In Madrid Neruda participated and contributed in the cultural circles ( La Residencia) in Madrid, ( in Spanish these meetings are called,”Tertulias”,) more often than not with the leading figures of the ‘Generacion de 27’, Lorca, Buñuel, Dali, Hernandez ( Vientos del Pueblo) and many others.

This inspiring and interesting period was thrown into turmoil as he became a witness to the causes and outbreak of the Spanish Civil War. The assassination of his friend Lorca and the ongoing civil war all became targets of his brutal and emotionally charged, “España en el corazon”. To express his solidarity with the Republican movement the book was published by Republican troops with improvised presses. Alongside the text are an extraordinary collection of photographs none more powerful than the image of Franco surrounded by dead children.

Neruda then published editions named after La Residencia in Madrid. This was a new phase in his life away from the hermetic and youthful love poems to a more accessible and open view of the world which began in optimistic fashion but ended in the catastrophe of the Spanish Civil War. By the beginning of the War he was back in Chile  continuing to support the Republican cause and was fully involved in the new centre left party. It was at this time he wrote ‘Canto general’ resonant with his new found political ambitions and filled with epic and historical overtones. It became and remains one of his key works as did ‘Alturas de Macchu Picchu‘ which is part of the Canto General and celebrates the pre-Columbian life of the Incas; Latin America; its  flora, fauna and its history particularly that of the liberation from Spain. As well it begins his lifelong concern for the political and social welfare of the people of Latin America. 

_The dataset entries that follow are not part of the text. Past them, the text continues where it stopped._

Lemma grid_affine_rescale Nf : grid_affine Nf f -> grid_affine (Nf + L) (rescale u L f).
Proof.
move=> f_grid i i_lt; have Nf_gt0 := pow2_gt0 Nf; have N_gt0 := pow2_gt0 (Nf + L).
pose U := (zu * Z.of_nat (Nat.pow 2 Nf))%Z.
have U_eq : IZR U = u * 2 ^ (Nf + L).
  by rewrite /U mult_IZR -INR_IZR_INZ INR_pow2 pow_add -u_dyadic; ring.
have w_N : / 2 ^ L * 2 ^ (Nf + L) = 2 ^ Nf by rewrite pow_add; field; lra.
case: (Z_lt_le_dec (Z.of_nat i) U) => [i_lo | i_lo].
  apply: cell_affine_id => x x_cell; apply: rescale_out; left.
  have /IZR_le : (Z.of_nat i + 1 <= U)%Z by lia.
  by rewrite plus_IZR -INR_IZR_INZ U_eq; nra.
case: (Z_lt_le_dec (Z.of_nat i) (U + Z.of_nat (Nat.pow 2 Nf))) => [i_hi | i_hi]; last first.
  apply: cell_affine_id => x x_cell; apply: rescale_out; right.
  move/IZR_le: i_hi; rewrite plus_IZR -!INR_IZR_INZ INR_pow2 U_eq => i_hi.
  nra.
pose i' := Z.to_nat (Z.of_nat i - U).
have i'_eq : INR i' = INR i - IZR U.
  by rewrite /i' INR_IZR_INZ Z2Nat.id ?minus_IZR -?INR_IZR_INZ //; lia.
have i'_lt : INR i' + 1 <= 2 ^ Nf.
  have /IZR_le : (Z.of_nat i + 1 <= U + Z.of_nat (Nat.pow 2 Nf))%Z by lia.
  by rewrite !plus_IZR -!INR_IZR_INZ INR_pow2; lra.
have [kf [bf [zf [kf_le [bf_z f_aff]]]]] := f_grid i' i'_lt.
exists (kf + L)%N, (u - 2 ^ kf / 2 ^ Nf * u + / 2 ^ L * bf),
  (zu * Z.of_nat (Nat.pow 2 Nf) - Z.of_nat (Nat.pow 2 kf) * zu + zf)%Z.
split; [lia | split].
  rewrite plus_IZR minus_IZR !mult_IZR -!INR_IZR_INZ !INR_pow2 -bf_z -u_dyadic pow_add.
  by field; lra.
move=> x x_cell.
have x_mid : u <= x <= u + / 2 ^ L.
  move/IZR_le: i_lo; move/IZR_lt: i_hi.
  rewrite plus_IZR -!INR_IZR_INZ INR_pow2 U_eq => i_hi i_lo.
  split; nra.
rewrite rescale_in // f_aff; first by rewrite !pow_add; field; lra.
by rewrite i'_eq U_eq (_ : (x - u) * 2 ^ L * 2 ^ Nf = x * 2 ^ (Nf + L) - u * 2 ^ (Nf + L));
  [lra | rewrite pow_add; ring].
Qed.

Lemma dyadic_homeo_rescale : dyadic_homeo (rescale u L f).
Proof.
split.
- by move=> x x_out; apply: rescale_out; lra.
- exact: rescale_incr.
- move=> x x01; case: (Rle_dec x u) => [x_le | x_gt]; first by rewrite rescale_out //; lra.
  case: (Rle_dec x (u + / 2 ^ L)) => [x_le' | x_gt']; last by rewrite rescale_out //; lra.
  by have := @rescale_in_range x ltac:(lra); lra.
- move=> y y01; case: (Rle_dec y u) => [y_le | y_gt].
    by exists y; split => //; rewrite rescale_out //; lra.
  case: (Rle_dec y (u + / 2 ^ L)) => [y_le' | y_gt']; last first.
    by exists y; split => //; rewrite rescale_out //; lra.
  have [t [t01 ft]] := dh_onto f_dh (y := (y - u) * 2 ^ L) ltac:(nra).
  exists (u + / 2 ^ L * t); split; first nra.
  rewrite rescale_in; last nra.
  by rewrite (_ : (u + / 2 ^ L * t - u) * 2 ^ L = t) ?ft; [nra | field; lra].
- by have [Nf f_grid] := dh_grid f_dh; exists (Nf + L)%N; apply: grid_affine_rescale.
Qed.

End Rescale.

Lemma powerRZ2_sub (k N : nat) : powerRZ 2 (Z.of_nat k - Z.of_nat N) = 2 ^ k / 2 ^ N.
Proof. by rewrite /Z.sub powerRZ_add ?powerRZ_neg' -?pow_powerRZ //; lra. Qed.

Lemma grid_affine_dyadic_PL (closed : bool) N f : grid_affine N f -> dyadic_PL closed f.
Proof.
move=> f_grid; have N_gt0 := pow2_gt0 N.
have cell_piece (i : nat) : exists eb : Z * R, INR i + 1 <= 2 ^ N ->
    dyadic eb.2 /\
    forall x, INR i <= x * 2 ^ N <= INR i + 1 -> f x = powerRZ 2 eb.1 * x + eb.2.
  case: (Rle_dec (INR i + 1) (2 ^ N)) => [i_lt | i_ge]; last first.
    by exists (0%Z, 0).
  have [k [b [z [_ [bz f_aff]]]]] := f_grid i i_lt.
  exists ((Z.of_nat k - Z.of_nat N)%Z, b) => _; split.
    by exists z, N; rewrite /= -bz; field; lra.
  by move=> x x_cell /=; rewrite powerRZ2_sub; apply: f_aff.
have [eb eb_spec] := choice _ cell_piece.
exists (Nat.pow 2 N), (fun i => INR i / 2 ^ N), (fun i => (eb i).1), (fun i => (eb i).2).
have cell_lt i : (i < Nat.pow 2 N)%N -> INR i + 1 <= 2 ^ N.
  by move=> /ltP/le_INR; rewrite S_INR INR_pow2.
split; first by rewrite /= /Rdiv Rmult_0_l.
split; first by rewrite INR_pow2; field; lra.
split; first by move=> i _; rewrite S_INR; apply: Rmult_lt_compat_r; [apply: Rinv_0_lt_compat|]; lra.
split; first by move=> i _; exists (Z.of_nat i), N; rewrite -INR_IZR_INZ.
split; first by move=> i /cell_lt /eb_spec[].
move=> i x /cell_lt /eb_spec[_ f_aff] x_lo x_hi; apply: f_aff.
have {}x_hi : x <= INR i.+1 / 2 ^ N by case: closed x_hi; lra.
rewrite S_INR in x_hi; split.
- by apply: (Rmult_le_reg_r (/ 2 ^ N)); [apply: Rinv_0_lt_compat | rewrite Rmult_assoc Rinv_r]; lra.
- by apply: (Rmult_le_reg_r (/ 2 ^ N)); [apply: Rinv_0_lt_compat | rewrite Rmult_assoc Rinv_r]; lra.
Qed.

Neruda’s forays into the political scene nearly always ended in failure in Chile. When he supported Allende as President in 1969 he was made Ambassador to Paris but Allende’s term in office ended with a coup d’état and Allende’s suicide. It was shortly after these events that Neruda,  having been made a Nobel laureate, died.

Whether he died of cancer or was poisoned by Pinochet remains unresolved. 

 Neruda’s poetry can be put into four periods with the early love poems of the 1920’s followed by the Residencia collections  which represent his lonely and depressed days immersed in a world full of demonic and dark forces. His epic poems in Canto General represent his third period interpreting the past and present of Latin America and the eternal struggle to obtain dignity and social justice. The final fourth period was the ‘Odas elementales’ a period of everyday poems about animals , plants and nature.

Neruda was one of the most prolific and original poets to write in Spanish in the 20th Century. Given his enormous output it is extraordinary how the four periods of his work have an individuality and unity of their own.